• _Required work_
Return the following from the records below: each line, word for word, starting with the line that contains "End ThreeForms." and going on through the line that contains "6%N | 2, _ => - b 7%N", with nothing outside that range.

• _Stored items_
Content starts

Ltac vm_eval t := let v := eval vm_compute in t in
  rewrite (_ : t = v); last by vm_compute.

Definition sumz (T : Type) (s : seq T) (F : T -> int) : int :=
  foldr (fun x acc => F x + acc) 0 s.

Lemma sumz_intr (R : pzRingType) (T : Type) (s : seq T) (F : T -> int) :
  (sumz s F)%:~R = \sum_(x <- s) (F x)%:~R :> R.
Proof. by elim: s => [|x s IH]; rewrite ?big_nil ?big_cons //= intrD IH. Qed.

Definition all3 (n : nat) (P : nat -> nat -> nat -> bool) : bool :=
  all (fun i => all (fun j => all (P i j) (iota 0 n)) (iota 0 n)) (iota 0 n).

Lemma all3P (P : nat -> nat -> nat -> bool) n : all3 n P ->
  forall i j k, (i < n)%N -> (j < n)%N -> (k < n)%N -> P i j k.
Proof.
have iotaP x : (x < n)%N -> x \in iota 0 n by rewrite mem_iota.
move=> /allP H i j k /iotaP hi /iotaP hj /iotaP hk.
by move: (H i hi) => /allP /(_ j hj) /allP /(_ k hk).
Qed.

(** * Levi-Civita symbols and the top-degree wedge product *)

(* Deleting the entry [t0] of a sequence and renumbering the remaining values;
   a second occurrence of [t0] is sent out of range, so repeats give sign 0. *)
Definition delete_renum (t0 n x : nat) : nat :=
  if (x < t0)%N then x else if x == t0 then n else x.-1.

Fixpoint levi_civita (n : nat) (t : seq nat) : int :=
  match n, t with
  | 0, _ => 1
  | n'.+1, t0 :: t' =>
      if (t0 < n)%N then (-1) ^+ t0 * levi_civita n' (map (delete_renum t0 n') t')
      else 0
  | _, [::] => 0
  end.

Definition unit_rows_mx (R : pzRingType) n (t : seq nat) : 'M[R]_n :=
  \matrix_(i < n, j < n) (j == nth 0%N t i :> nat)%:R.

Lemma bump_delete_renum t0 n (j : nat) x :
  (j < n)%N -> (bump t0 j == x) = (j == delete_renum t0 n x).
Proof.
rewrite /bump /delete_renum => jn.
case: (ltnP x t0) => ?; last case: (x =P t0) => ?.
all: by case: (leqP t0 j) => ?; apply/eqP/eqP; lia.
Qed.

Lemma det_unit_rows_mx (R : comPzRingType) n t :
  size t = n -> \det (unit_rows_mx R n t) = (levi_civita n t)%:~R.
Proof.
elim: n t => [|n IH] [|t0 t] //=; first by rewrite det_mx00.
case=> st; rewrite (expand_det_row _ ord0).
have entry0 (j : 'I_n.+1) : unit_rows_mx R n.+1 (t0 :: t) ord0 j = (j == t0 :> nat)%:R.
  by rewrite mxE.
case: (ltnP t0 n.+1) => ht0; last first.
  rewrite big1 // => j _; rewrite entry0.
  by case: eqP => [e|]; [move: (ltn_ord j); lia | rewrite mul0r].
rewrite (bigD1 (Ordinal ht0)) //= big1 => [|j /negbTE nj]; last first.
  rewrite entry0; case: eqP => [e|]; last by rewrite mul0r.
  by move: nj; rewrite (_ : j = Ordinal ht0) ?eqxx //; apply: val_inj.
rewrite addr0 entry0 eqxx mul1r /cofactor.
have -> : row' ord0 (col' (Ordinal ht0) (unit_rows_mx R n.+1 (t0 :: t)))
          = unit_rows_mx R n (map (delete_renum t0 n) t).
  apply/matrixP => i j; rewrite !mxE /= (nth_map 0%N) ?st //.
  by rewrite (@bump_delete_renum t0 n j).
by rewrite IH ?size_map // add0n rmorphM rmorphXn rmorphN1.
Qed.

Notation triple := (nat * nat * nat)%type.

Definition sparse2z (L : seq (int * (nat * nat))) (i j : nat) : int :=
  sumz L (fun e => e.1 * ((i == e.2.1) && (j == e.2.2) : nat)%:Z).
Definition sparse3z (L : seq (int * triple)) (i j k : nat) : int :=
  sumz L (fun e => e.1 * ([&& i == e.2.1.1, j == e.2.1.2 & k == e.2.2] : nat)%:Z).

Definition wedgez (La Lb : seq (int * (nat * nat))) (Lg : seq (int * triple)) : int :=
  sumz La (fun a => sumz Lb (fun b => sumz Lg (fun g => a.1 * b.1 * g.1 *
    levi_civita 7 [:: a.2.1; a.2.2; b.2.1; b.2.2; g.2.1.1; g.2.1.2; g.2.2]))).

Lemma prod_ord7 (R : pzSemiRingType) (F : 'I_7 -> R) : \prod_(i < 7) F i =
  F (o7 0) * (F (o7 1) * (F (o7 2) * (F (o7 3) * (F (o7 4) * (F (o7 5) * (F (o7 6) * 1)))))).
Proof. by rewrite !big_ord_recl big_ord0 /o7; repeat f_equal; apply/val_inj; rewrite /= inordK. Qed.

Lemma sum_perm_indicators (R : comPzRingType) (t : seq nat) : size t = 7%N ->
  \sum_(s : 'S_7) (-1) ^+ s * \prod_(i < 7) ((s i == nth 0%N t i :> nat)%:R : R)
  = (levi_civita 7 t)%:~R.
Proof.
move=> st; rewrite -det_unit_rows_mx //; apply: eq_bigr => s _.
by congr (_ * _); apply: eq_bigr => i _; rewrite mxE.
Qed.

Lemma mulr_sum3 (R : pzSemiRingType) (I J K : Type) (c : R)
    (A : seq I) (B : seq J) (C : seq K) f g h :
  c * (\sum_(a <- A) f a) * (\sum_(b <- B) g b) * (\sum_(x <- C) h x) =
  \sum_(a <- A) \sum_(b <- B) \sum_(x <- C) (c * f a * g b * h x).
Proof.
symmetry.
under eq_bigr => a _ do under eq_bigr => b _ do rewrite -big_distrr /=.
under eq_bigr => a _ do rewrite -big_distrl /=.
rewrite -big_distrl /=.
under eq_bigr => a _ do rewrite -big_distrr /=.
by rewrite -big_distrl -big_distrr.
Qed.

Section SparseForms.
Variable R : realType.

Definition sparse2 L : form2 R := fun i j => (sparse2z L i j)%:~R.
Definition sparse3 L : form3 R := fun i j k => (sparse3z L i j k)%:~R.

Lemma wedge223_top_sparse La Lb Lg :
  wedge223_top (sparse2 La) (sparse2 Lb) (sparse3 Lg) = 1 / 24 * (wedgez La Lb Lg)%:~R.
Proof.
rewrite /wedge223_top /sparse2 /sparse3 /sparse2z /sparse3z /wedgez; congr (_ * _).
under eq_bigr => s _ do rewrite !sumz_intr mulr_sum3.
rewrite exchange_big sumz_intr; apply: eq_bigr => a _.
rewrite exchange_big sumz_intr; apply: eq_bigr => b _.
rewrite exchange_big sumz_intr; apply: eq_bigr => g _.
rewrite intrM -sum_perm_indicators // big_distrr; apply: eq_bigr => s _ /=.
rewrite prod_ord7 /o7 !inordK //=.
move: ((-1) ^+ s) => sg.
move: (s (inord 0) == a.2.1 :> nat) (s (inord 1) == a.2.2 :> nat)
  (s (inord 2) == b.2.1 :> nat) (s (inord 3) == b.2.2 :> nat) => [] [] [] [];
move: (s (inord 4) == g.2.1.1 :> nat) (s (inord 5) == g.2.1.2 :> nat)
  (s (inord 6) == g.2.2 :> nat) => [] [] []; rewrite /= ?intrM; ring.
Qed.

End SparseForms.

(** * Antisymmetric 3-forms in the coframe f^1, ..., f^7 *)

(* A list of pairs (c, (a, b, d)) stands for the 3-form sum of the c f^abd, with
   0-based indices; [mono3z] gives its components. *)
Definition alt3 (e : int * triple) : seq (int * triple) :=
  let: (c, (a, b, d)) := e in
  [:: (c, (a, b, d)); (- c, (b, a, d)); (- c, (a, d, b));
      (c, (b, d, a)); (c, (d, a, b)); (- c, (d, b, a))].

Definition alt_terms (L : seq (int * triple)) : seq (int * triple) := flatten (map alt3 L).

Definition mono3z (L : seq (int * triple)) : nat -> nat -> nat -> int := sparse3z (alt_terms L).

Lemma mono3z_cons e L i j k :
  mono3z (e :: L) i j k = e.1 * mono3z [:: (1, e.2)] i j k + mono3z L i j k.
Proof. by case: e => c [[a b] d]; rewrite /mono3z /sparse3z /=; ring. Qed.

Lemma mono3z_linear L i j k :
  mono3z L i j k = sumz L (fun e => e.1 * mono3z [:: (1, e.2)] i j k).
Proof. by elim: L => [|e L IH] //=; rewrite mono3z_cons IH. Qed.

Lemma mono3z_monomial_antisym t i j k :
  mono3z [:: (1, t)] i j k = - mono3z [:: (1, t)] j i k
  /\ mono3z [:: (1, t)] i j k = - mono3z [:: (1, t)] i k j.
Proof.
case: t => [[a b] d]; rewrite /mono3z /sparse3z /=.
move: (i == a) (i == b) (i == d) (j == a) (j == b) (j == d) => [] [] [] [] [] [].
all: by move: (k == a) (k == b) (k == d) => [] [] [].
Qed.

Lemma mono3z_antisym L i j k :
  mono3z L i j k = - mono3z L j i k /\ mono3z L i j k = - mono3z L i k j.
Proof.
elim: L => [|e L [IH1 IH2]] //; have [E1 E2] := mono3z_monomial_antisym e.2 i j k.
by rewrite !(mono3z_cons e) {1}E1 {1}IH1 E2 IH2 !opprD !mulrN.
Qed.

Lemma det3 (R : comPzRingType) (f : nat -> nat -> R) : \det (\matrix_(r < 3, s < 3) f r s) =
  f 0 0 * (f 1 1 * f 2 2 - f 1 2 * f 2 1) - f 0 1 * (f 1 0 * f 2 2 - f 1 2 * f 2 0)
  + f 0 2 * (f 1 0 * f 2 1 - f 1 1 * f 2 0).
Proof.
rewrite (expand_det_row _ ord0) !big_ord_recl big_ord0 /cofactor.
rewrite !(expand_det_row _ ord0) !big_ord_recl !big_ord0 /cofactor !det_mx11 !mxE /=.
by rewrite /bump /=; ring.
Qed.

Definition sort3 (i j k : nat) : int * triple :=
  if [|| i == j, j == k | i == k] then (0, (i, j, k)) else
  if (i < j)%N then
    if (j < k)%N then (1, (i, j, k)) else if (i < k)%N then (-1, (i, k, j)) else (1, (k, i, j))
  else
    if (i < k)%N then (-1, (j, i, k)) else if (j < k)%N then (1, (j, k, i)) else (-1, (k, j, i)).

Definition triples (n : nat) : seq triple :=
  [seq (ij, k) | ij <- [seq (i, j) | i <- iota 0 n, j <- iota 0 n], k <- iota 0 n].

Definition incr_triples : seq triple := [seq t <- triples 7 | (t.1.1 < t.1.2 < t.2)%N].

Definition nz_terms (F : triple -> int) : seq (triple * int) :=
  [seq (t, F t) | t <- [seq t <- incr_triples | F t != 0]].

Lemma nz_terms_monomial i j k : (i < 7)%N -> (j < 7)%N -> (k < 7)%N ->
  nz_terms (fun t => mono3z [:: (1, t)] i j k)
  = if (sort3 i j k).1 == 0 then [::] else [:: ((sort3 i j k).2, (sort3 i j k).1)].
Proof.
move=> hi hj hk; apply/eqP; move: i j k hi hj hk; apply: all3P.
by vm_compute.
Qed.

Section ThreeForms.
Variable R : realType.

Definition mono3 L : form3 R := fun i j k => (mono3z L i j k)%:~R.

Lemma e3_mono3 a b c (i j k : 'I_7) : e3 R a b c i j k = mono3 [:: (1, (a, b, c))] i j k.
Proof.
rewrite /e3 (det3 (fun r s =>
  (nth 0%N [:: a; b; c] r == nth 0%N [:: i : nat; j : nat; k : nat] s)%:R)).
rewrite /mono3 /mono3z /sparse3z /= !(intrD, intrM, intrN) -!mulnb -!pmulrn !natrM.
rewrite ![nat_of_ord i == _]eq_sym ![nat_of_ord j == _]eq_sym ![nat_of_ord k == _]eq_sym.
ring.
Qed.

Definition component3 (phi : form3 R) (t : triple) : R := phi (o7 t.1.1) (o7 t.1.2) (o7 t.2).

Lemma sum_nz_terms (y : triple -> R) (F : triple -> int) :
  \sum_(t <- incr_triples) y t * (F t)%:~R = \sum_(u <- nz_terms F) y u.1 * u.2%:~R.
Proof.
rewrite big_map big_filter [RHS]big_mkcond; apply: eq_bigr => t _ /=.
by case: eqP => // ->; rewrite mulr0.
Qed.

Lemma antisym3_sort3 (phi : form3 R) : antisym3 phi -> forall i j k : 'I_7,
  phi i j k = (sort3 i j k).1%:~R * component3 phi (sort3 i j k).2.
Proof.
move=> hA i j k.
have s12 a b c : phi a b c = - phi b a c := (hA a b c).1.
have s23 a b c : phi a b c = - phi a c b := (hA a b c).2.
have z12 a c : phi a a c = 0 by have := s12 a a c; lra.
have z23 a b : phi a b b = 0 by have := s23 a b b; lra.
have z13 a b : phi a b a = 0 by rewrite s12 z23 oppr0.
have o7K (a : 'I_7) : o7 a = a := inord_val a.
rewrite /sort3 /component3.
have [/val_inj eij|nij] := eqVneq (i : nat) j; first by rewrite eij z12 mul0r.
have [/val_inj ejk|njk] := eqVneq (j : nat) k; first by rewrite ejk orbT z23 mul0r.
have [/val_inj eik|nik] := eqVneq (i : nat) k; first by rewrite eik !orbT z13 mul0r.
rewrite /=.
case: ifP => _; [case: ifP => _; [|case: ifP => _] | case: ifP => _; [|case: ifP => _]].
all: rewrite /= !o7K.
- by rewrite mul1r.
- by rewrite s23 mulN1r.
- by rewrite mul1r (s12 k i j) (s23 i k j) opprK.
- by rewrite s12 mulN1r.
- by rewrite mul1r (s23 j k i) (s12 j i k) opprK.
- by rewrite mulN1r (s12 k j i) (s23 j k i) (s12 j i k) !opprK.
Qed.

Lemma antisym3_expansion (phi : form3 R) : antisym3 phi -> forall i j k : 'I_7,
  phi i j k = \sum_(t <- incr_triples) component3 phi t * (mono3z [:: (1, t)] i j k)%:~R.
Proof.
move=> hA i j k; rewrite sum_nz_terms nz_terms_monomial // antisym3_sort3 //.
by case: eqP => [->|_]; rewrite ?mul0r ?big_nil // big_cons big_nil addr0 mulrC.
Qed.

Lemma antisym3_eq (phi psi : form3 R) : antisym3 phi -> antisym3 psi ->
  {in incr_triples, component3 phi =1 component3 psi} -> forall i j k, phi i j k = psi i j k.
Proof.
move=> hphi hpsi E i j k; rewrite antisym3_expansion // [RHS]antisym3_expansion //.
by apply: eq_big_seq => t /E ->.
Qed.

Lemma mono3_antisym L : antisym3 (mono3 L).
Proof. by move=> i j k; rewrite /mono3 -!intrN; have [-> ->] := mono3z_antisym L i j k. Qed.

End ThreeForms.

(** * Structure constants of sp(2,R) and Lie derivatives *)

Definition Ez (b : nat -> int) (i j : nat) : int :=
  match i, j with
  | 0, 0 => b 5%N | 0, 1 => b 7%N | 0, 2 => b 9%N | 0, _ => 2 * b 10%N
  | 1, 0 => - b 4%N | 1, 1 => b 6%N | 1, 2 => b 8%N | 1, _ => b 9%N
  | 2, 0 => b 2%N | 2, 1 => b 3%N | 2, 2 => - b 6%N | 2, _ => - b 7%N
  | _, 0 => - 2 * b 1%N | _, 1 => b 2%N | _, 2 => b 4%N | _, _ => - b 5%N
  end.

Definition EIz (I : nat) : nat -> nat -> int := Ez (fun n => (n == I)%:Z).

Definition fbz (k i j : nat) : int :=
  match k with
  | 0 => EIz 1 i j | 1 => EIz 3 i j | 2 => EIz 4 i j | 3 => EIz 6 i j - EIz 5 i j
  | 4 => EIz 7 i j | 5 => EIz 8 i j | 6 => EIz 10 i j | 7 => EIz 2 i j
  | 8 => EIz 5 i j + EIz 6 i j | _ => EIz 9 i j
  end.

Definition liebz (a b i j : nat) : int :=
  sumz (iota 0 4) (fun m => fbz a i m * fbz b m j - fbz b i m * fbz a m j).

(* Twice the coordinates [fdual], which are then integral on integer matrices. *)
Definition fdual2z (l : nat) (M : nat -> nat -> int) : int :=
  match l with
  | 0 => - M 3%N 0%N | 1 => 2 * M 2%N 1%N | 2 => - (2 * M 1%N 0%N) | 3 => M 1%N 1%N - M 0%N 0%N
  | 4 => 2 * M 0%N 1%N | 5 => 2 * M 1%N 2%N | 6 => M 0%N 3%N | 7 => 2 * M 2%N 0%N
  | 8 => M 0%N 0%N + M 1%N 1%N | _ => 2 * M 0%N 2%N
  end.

Content ends

• _Task result_
End ThreeForms.

(** * Structure constants of sp(2,R) and Lie derivatives *)

Definition Ez (b : nat -> int) (i j : nat) : int :=
  match i, j with
  | 0, 0 => b 5%N | 0, 1 => b 7%N | 0, 2 => b 9%N | 0, _ => 2 * b 10%N
  | 1, 0 => - b 4%N | 1, 1 => b 6%N | 1, 2 => b 8%N | 1, _ => b 9%N
  | 2, 0 => b 2%N | 2, 1 => b 3%N | 2, 2 => - b 6%N | 2, _ => - b 7%N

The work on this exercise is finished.